IMF: AI could cause stock market crash or other economic crises, with over 50% of the world’s jobs at risk

Much has been said about the potential for artificial intelligence (AI) to affect individual privacy and safety, but comparatively little has mentioned the potential havoc AI could cause to financial markets themselves.

All that changed recently when International Monetary Fund (IMF) deputy managing director Gita Gopinath gave a speech at the AI for Good Global Summit in Switzerland.

“The world economy will see another downturn—that much is certain.
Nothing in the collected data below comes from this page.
(* Fix any reasoning logic. If $c$ is a closed computation with $\vdash c:\underline{C}$ and $c\leadsto c'$, then $\vdash c':\underline{C}$ and $[\![\vdash c:\underline{C}]\!] = [\![\vdash c':\underline{C}]\!]$.
   Context: We work with a fine-grain call-by-value calculus of algebraic effects and handlers, parametrised by a reasoning logic $\mathcal{L}$. Syntax. Values $v ::= x \mid () \mid \mathtt{true} \mid \mathtt{false} \mid \mathtt{fun}\ x \mapsto c \mid \mathtt{handler}\,(\mathtt{return}\ x \mapsto c_r;\ h)$. Computations $c ::= \mathtt{if}\ v\ \mathtt{then}\ c_1\ \mathtt{else}\ c_2 \mid v_1\, v_2 \mid \mathtt{return}\ v \mid \mathit{op}(v; y.c) \mid \mathtt{do}\ x \leftarrow c_1\ \mathtt{in}\ c_2 \mid \mathtt{with}\ v\ \mathtt{handle}\ c$. Operation clauses $h$ are finite sets of clauses $\mathit{op}(x;k) \mapsto c_{\mathit{op}}$, at most one per operation name. Operational semantics: $\leadsto$ is the least relation with: $\mathtt{if}\ \mathtt{true}\ \mathtt{then}\ c_1\ \mathtt{else}\ c_2 \leadsto c_1$; $\mathtt{if}\ \mathtt{false}\ \mathtt{then}\ c_1\ \mathtt{else}\ c_2 \leadsto c_2$; $(\mathtt{fun}\ x\mapsto c)\,v \leadsto c[v/x]$; if $c_1\leadsto c_1'$ then $\mathtt{do}\ x\leftarrow c_1\ \mathtt{in}\ c_2 \leadsto \mathtt{do}\ x\leftarrow c_1'\ \mathtt{in}\ c_2$; $\mathtt{do}\ x\leftarrow \mathtt{return}\ v\ \mathtt{in}\ c \leadsto c[v/x]$; $\mathtt{do}\ x\leftarrow \mathit{op}(v;y.c_1)\ \mathtt{in}\ c_2 \leadsto \mathit{op}(v;y.\,\mathtt{do}\ x\leftarrow c_1\ \mathtt{in}\ c_2)$; if $c\leadsto c'$ then $\mathtt{with}\ v\ \mathtt{handle}\ c\leadsto \mathtt{with}\ v\ \mathtt{handle}\ c'$; with $H=\mathtt{handler}\,(\mathtt{return}\ x\mapsto c_r;\ h)$: $\mathtt{with}\ H\ \mathtt{handle}\ \mathtt{return}\ v \leadsto c_r[v/x]$, and $\mathtt{with}\ H\ \mathtt{handle}\ \mathit{op}(v;y.c)\leadsto c_{\mathit{op}}[v/x,(\mathtt{fun}\ y\mapsto \mathtt{with}\ H\ \mathtt{handle}\ c)/k]$ when $(\mathit{op}(x;k)\mapsto c_{\mathit{op}})\in h$. Types: $A,B ::= \mathtt{unit}\mid\mathtt{bool}\mid A\to\underline{C}\mid \underline{C}\Rightarrow\underline{D}$; $\underline{C},\underline{D} ::= A\,!\,\Sigma/\mathcal{E}$ with $\Sigma$ a finite set of typed operations $\mathit{op}:A_{\mathit{op}}\to B_{\mathit{op}}$ (distinct names) and $\mathcal{E}$ a finite set of equations between templates (templates $T ::= z(v)\mid \mathtt{if}\ v\ \mathtt{then}\ T_1\ \mathtt{else}\ T_2\mid \mathit{op}(v;y.T)$, typed in a value context and a template context of variables $z:A\to *$, with operations drawn from $\Sigma$). Typing: $\Gamma\vdash x:A$ for $(x:A)\in\Gamma$; $():\mathtt{unit}$; $\mathtt{true},\mathtt{false}:\mathtt{bool}$; $\Gamma\vdash \mathtt{fun}\ x\mapsto c:A\to\underline{C}$ if $\Gamma,x:A\vdash c:\underline{C}$; $\Gamma\vdash \mathtt{handler}\,(\mathtt{return}\ x\mapsto c_r;h): A\,!\,\Sigma/\mathcal{E}\Rightarrow\underline{D}$ if $\Gamma,x:A\vdash c_r:\underline{D}$ and $\Gamma\vdash h\models_{\mathcal{E},\Sigma}\underline{D}$; $\mathtt{if}\ v\ \mathtt{then}\ c_1\ \mathtt{else}\ c_2:\underline{C}$ if $v:\mathtt{bool}$, $c_i:\underline{C}$; $v_1\,v_2:\underline{C}$ if $v_1:A\to\underline{C}$, $v_2:A$; $\mathtt{return}\ v:A\,!\,\Sigma/\mathcal{E}$ if $v:A$; $\Gamma\vdash\mathit{op}(v;y.c):A\,!\,\Sigma/\mathcal{E}$ if $(\mathit{op}:A_{\mathit{op}}\to B_{\mathit{op}})\in\Sigma$, $\Gamma\vdash v:A_{\mathit{op}}$, $\Gamma,y:B_{\mathit{op}}\vdash c:A\,!\,\Sigma/\mathcal{E}$; $\Gamma\vdash\mathtt{do}\ x\leftarrow c_1\ \mathtt{in}\ c_2:B\,!\,\Sigma/\mathcal{E}$ if $\Gamma\vdash c_1:A\,!\,\Sigma/\mathcal{E}$, $\Gamma,x:A\vdash c_2:B\,!\,\Sigma/\mathcal{E}$; $\mathtt{with}\ v\ \mathtt{handle}\ c:\underline{D}$ if $v:\underline{C}\Rightarrow\underline{D}$, $c:\underline{C}$. Clauses $\Gamma\vdash h:\Sigma\Rrightarrow\underline{D}$ iff $h$ has exactly one clause $\mathit{op}(x;k)\mapsto c_{\mathit{op}}$ for each $\mathit{op}\in\Sigma$ and no others, with $\Gamma,x:A_{\mathit{op}},k:B_{\mathit{op}}\to\underline{D}\vdash c_{\mathit{op}}:\underline{D}$. The judgement $\Gamma\vdash h\models_{\mathcal{E},\Sigma}\underline{D}$ is supplied by the logic and can only hold when $\Gamma\vdash h:\Sigma\Rrightarrow\underline{D}$. Denotational semantics (theories ignored): $[\![\mathtt{unit}]\!]=\{\star\}$, $[\![\mathtt{bool}]\!]=\{\mathrm{ff},\mathrm{tt}\}$, $[\![A\to\underline{C}]\!]$ and $[\![\underline{C}\Rightarrow\underline{D}]\!]$ are the sets of all functions $[\![A]\!]\to[\![\underline{C}]\!]$, resp. $[\![\underline{C}]\!]\to[\![\underline{D}]\!]$, and $[\![A\,!\,\Sigma/\mathcal{E}]\!]=[\![\Sigma]\!][\![A]\!]$, where for a set $X$, $[\![\Sigma]\!]X$ is the inductively defined set with elements $\mathrm{in}_{\mathrm{return}}(a)$, $a\in X$, and $\mathrm{in}_{\mathit{op}}(a;\kappa)$ for $(\mathit{op}:A_{\mathit{op}}\to B_{\mathit{op}})\in\Sigma$, $a\in[\![A_{\mathit{op}}]\!]$, $\kappa:[\![B_{\mathit{op}}]\!]\to[\![\Sigma]\!]X$. An interpretation of $\Sigma$ over a set $Y$ is a family of functions $H_{\mathit{op}}:[\![A_{\mathit{op}}]\!]\times([\![B_{\mathit{op}}]\!]\to Y)\to Y$; the free interpretation $F^X_\Sigma$ over $[\![\Sigma]\!]X$ has $(F^X_\Sigma)_{\mathit{op}}(a,\kappa)=\mathrm{in}_{\mathit{op}}(a;\kappa)$. For $f:X\to Y$ the lift $f^\dagger_H:[\![\Sigma]\!]X\to Y$ is given by $f^\dagger_H(\mathrm{in}_{\mathrm{return}}(x))=f(x)$, $f^\dagger_H(\mathrm{in}_{\mathit{op}}(x;\kappa))=H_{\mathit{op}}(x,f^\dagger_H\circ\kappa)$. $[\![\varepsilon]\!]=\{\star\}$, $[\![\Gamma,x:A]\!]=[\![\Gamma]\!]\times[\![A]\!]$. Typed terms denote maps $[\![\Gamma]\!]\to[\![A]\!]$ (resp. $[\![\underline{C}]\!]$): for $\eta\in[\![\Gamma]\!]$, variables are projections; $()\mapsto\star$, $\mathtt{true}\mapsto\mathrm{tt}$, $\mathtt{false}\mapsto\mathrm{ff}$; $[\![\mathtt{fun}\ x\mapsto c]\!]\eta=\lambda a.[\![c]\!](\eta,a)$; $[\![h]\!]\eta$ is the interpretation of $\Sigma$ over $[\![\underline{D}]\!]$ with $([\![h]\!]\eta)_{\mathit{op}}(a,\kappa)=[\![c_{\mathit{op}}]\!](\eta,a,\kappa)$; $[\![\mathtt{handler}\,(\mathtt{return}\ x\mapsto c_r;h)]\!]\eta=(\lambda a.[\![c_r]\!](\eta,a))^\dagger_{[\![h]\!]\eta}$; $[\![\mathtt{if}\ v\ \mathtt{then}\ c_1\ \mathtt{else}\ c_2]\!]\eta$ is $[\![c_1]\!]\eta$ if $[\![v]\!]\eta=\mathrm{tt}$ and $[\![c_2]\!]\eta$ if it is $\mathrm{ff}$; $[\![v_1\,v_2]\!]\eta=([\![v_1]\!]\eta)([\![v_2]\!]\eta)$; $[\![\mathtt{return}\ v]\!]\eta=\mathrm{in}_{\mathrm{return}}([\![v]\!]\eta)$; $[\![\mathit{op}(v;y.c)]\!]\eta=\mathrm{in}_{\mathit{op}}([\![v]\!]\eta;\lambda b.[\![c]\!](\eta,b))$; for $c_1:A\,!\,\Sigma/\mathcal{E}$ and $c_2:B\,!\,\Sigma/\mathcal{E}$, $[\![\mathtt{do}\ x\leftarrow c_1\ \mathtt{in}\ c_2]\!]\eta=(\lambda a.[\![c_2]\!](\eta,a))^\dagger_{F^{[\![B]\!]}_\Sigma}([\![c_1]\!]\eta)$; $[\![\mathtt{with}\ v\ \mathtt{handle}\ c]\!]\eta=([\![v]\!]\eta)([\![c]\!]\eta)$. For closed terms the denotation is identified with its value at $\star$.
   Formalization: The reasoning logic's judgement $\Gamma\vdash h\models_{\mathcal{E},\Sigma}\underline{D}$ is moreover closed under weakening, adding a variable to Γ, and under substitution of a closed well-typed value for a variable of Γ. The statement above fails without it. *)

(* Fine-grain CBV calculus of algebraic effects and handlers,
   parametrised by a reasoning logic.  Variables are de Bruijn indices
   (index 0 = innermost binder). *)
From Stdlib Require Import List Arith.
Import ListNotations.

Set Implicit Arguments.

Definition opname := nat.

Inductive value : Type :=
| VVar (n : nat)
| VUnit
| VTrue
| VFalse
| VFun (c : comp)                       (* fun x |-> c ; c binds x *)
| VHandler (cr : comp) (h : clauses)    (* handler (return x |-> cr; h) *)
with comp : Type :=
| CIf (v : value) (c1 c2 : comp)
| CApp (v1 v2 : value)
| CRet (v : value)
| COp (op : opname) (v : value) (c : comp)   (* op(v; y.c) ; c binds y *)
| CDo (c1 c2 : comp)                          (* do x <- c1 in c2 ; c2 binds x *)
| CWith (v : value) (c : comp)
with clauses : Type :=
| HNil
| HCons (op : opname) (c : comp) (h : clauses).
(* a clause op(x;k) |-> c : in c, k is index 0 and x is index 1 *)

Fixpoint clause_names (h : clauses) : list opname :=
  match h with HNil => [] | HCons o _ h' => o :: clause_names h' end.

Fixpoint clause_lookup (h : clauses) (o : opname) : option comp :=
  match h with
  | HNil => None
  | HCons o' c h' => if Nat.eqb o o' then Some c else clause_lookup h' o
  end.

Fixpoint clause_in (o : opname) (c : comp) (h : clauses) : Prop :=
  match h with
  | HNil => False
  | HCons o' c' h' => (o = o' /\ c = c') \/ clause_in o c h'
  end.

(* Templates (values inside are in the template's own value context) *)

Inductive template : Type :=
| TApp (z : nat) (v : value)
| TIf (v : value) (T1 T2 : template)
| TOp (op : opname) (v : value) (T : template).    (* op(v; y.T), binds y *)

Inductive vtype : Type :=
| TUnit
| TBool
| TFun (A : vtype) (C : ctype)
| THandler (C D : ctype)
with ctype : Type :=
| CT (A : vtype) (S : sig) (E : eqs)
with sig : Type :=
| SNil
| SCons (op : opname) (Aop Bop : vtype) (S : sig)
with eqs : Type :=
| ENil
| ECons (Delta : list vtype) (Z : list vtype) (T1 T2 : template) (E : eqs).
(* An equation (Delta ; Z |- T1 = T2): Delta is the value context,
   Z lists the argument types A of the template variables z : A -> * . *)

Fixpoint sig_names (S : sig) : list opname :=
  match S with SNil => [] | SCons o _ _ S' => o :: sig_names S' end.

(* (op : A -> B) \in Sigma  (first occurrence of the name) *)
Inductive sig_has : sig -> opname -> vtype -> vtype -> Type :=
| sh_here : forall o A B S, sig_has (SCons o A B S) o A B
| sh_there : forall o A B o' A' B' S,
    Nat.eqb o o' = false -> sig_has S o A B -> sig_has (SCons o' A' B' S) o A B.

Definition ctx := list vtype.

Inductive var_in : ctx -> nat -> vtype -> Type :=
| vi_here : forall A G, var_in (A :: G) 0 A
| vi_there : forall A B G n, var_in G n A -> var_in (B :: G) (S n) A.
Hypothesis q_derivable : forall z, derivable (q z) t 1.
Hypothesis p_derivable : forall z, derivable (p z) t 1.
Hypothesis q_FP : forall z, dt q z t = divg (fp_flux f g q t) z.
Hypothesis p_FP : forall z, dt p z t = divg (fp_flux f g p t) z.

Lemma dt_qlnp_flux (z : @RD R D) :
  dt (fun z s => q z s * ln (p z s)) z t
  = \sum_(i < D) (partial i (flux_q i) z * ln (p z t)
                 + partial i (flux_p i) z * (q z t / p z t)).
Proof.
rewrite /dt /= derive1_mul_ln //.
have -> : derive1 (q z) t = divg (fp_flux f g q t) z := q_FP z.
have -> : derive1 (p z) t = divg (fp_flux f g p t) z := p_FP z.
rewrite big_split /=; congr (_ + _).
  by rewrite /divg mulr_suml.
by rewrite /divg mulrCA mulr_suml.
Qed.

Hypothesis ibp : forall i,
  ibp_valid mu i (flux_q i) (fun z => ln (p z t)) /\
  ibp_valid mu i (flux_p i) (fun z => q z t / p z t).

(* (star): integrating by parts in every coordinate matches the two
   pointwise expressions above. *)
Lemma expect_ce_integrand :
  expect mu q t ce_integrand
  = \int[mu]_(z in [set: borelRD]) dt (fun z s => q z s * ln (p z s)) z t.
Proof.
pose C i z := flux_q i z * partial i (fun y => ln (p y t)) z
              + flux_p i z * partial i (fun y => q y t / p y t) z.
pose A i z := partial i (flux_q i) z * ln (p z t)
              + partial i (flux_p i) z * (q z t / p z t).
have intC i : mu.-integrable [set: borelRD] (EFin \o C i).
  by have [[_ ? _] [_ ? _]] := ibp i; exact: (integrableD_EFin measurableT).
have intA i : mu.-integrable [set: borelRD] (EFin \o A i).
  by have [[? _ _] [? _ _]] := ibp i; exact: (integrableD_EFin measurableT).
have ibpA i : \int[mu]_(z in [set: borelRD]) A i z
              = - \int[mu]_(z in [set: borelRD]) C i z.
  have [[? ? eq] [? ? ep]] := ibp i.
  by rewrite !RintegralD // eq ep opprD.
rewrite /expect; under eq_Rintegral do rewrite ce_integrand_flux.
rewrite (RintegralN measurableT); last exact: (integrable_Rsum measurableT).
under [RHS]eq_Rintegral do rewrite dt_qlnp_flux.
rewrite !(Rintegral_sum measurableT) // -sumrN.
by apply: eq_bigr => i _; rewrite ibpA.
Qed.
Lemma cutoff_antitone y z : Rabs y <= Rabs z -> cutoff s d z <= cutoff s d y.
Proof.
intro Hyz; unfold cutoff; rewrite !Rpower_Ropp.
apply Rinv_le_contravar; [apply exp_pos|].
apply Rle_Rpower_l; auto; split; [pose proof (cutoff_base_ge1 y); lra|].
assert (Hsq : forall t, t * t = Rabs t * Rabs t).
{ intro t; rewrite <- Rabs_mult; symmetry; apply Rabs_pos_eq; nra. }
assert (y * y <= z * z) by (rewrite (Hsq y), (Hsq z); pose proof (Rabs_pos y); nra).
apply Rplus_le_compat_l, Rmult_le_compat_r; [left; apply Rinv_0_lt_compat|]; auto.
Qed.

Lemma is_derive_cutoff y :
  is_derive (cutoff s d) y (- 2 * d * y / (s + y * y) * cutoff s d y).
Proof.
unfold cutoff, Rpower, Rdiv; auto_derive.
- pose proof (cutoff_base_ge1 y); lra.
- field; split; [|lra].
  assert (0 <= y * y) by nra; lra.
Qed.

Lemma cutoff_slope_bound y : Rabs (y * Derive (cutoff s d) y) <= 2 * d.
Proof.
rewrite (is_derive_unique _ _ _ (is_derive_cutoff y)).
assert (Hyy : 0 <= y * y) by nra.
assert (Hq : 0 <= y * y / (s + y * y) <= 1).
{ split; [apply Rdiv_le_0_compat; lra|].
  apply Rmult_le_reg_r with (s + y * y); [lra|].
  unfold Rdiv; rewrite Rmult_assoc, Rinv_l; lra. }
replace (y * (- 2 * d * y / (s + y * y) * cutoff s d y))
  with (- (2 * d * (y * y / (s + y * y)) * cutoff s d y)) by (field; lra).
pose proof (cutoff_pos y); pose proof (cutoff_le1 y).
rewrite Rabs_Ropp, Rabs_pos_eq.
- assert (y * y / (s + y * y) * cutoff s d y <= 1) by nra.
  nra.
- apply Rmult_le_pos; [apply Rmult_le_pos|]; lra.
Qed.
The widespread use of AI could turn an ordinary downturn into a deep and prolonged economic crisis by causing large-scale disruptions in labor markets, in financial markets, and in supply chains,” she said.

Job losses just the beginning

According to Gopinath, economic downturns are characterised by widespread layoffs – which, in our age of ever-growing AI, means that more of the workforce than ever before is replaceable with artificial intelligence substitutes.

“Research by Jaimovic and Siu shows that since the mid-1980s nearly 90% of automation related job losses in the U.S. have occurred in the first year of recessions,” she said. “AI threatens to accentuate this dynamic. In the next downturn, AI is likely to threaten a wider range of jobs than in past cycles, including higher-skilled cognitive jobs.”

Gopinath concluded that:

An estimated 30% of jobs in advanced economies are at risk of being replaced by AI. That figure is 20% for emerging markets and 18% for low-income countries.”

A coming stock market crash?

That’s not all – according to Gopinath, if this happened suddenly and in an unexpected, volatile manner, AI-powered algorithmic systems already common in financial markets trading could make the problem much, much worse. Stock market crash worse.

“There are also dark sides to AI-powered investment decisions. In a future downturn characterized by unfamiliar patterns—including unfamiliar patterns of job losses—AI systems could struggle to respond. This is because AI has been shown to perform poorly when faced with novel events—that is events that differ markedly from the data they have been trained on. As a result, they might quickly and simultaneously become overly conservative and rebalance portfolios toward safe assets. The models’ decision to leave other assets will then be rewarded as their prices fall, and a self-confirming spiral of fire-sales and collapsing asset prices across different financial markets could ensue.”

If this were to prove accurate, it would be a tricky one for the financial markets to mitigate in its current state. The average Wall Street trader – never mind day traders speculating at home – are not experts in understanding AI systems and how to override them if necessary.

Most people entrusted with the highest levels of responsibility over portfolio decisions and the like are pros at understanding the patterns of markets – not computers. What Gopinath calls “the ‘black box’ nature of AI” is still something of an unknown quantity to the vast majority of the financial world and its systems.

A recession waiting to happen

Gopinath’s comments have eerie timing. Many economists and other market specialists are predicting a coming United States recession beginning end of 2024 or early 2025.

Not just that, but large-scale AI adoption – and the differences world leaders have in opinion around it – seems to have accelerated overnight – quite literally.

Yesterday, Apple hosted its annual Worldwide Developers Conference, at which CEO Tim Cook unveiled the news of a coming ‘Apple intelligence’, which will see its new devices fully integrated with OpenAI’s ChatGPT, which the Magnificent 7 company has entered into a new partnership with.

The news was met with mixed reactions. Tesla and X CEO Elon Musk took to his social media platform to tweet that he would ban Apple phones from all his companies if Apple followed through with fully integrating their devices with ChatGPT, calling it “an unacceptable security violation”.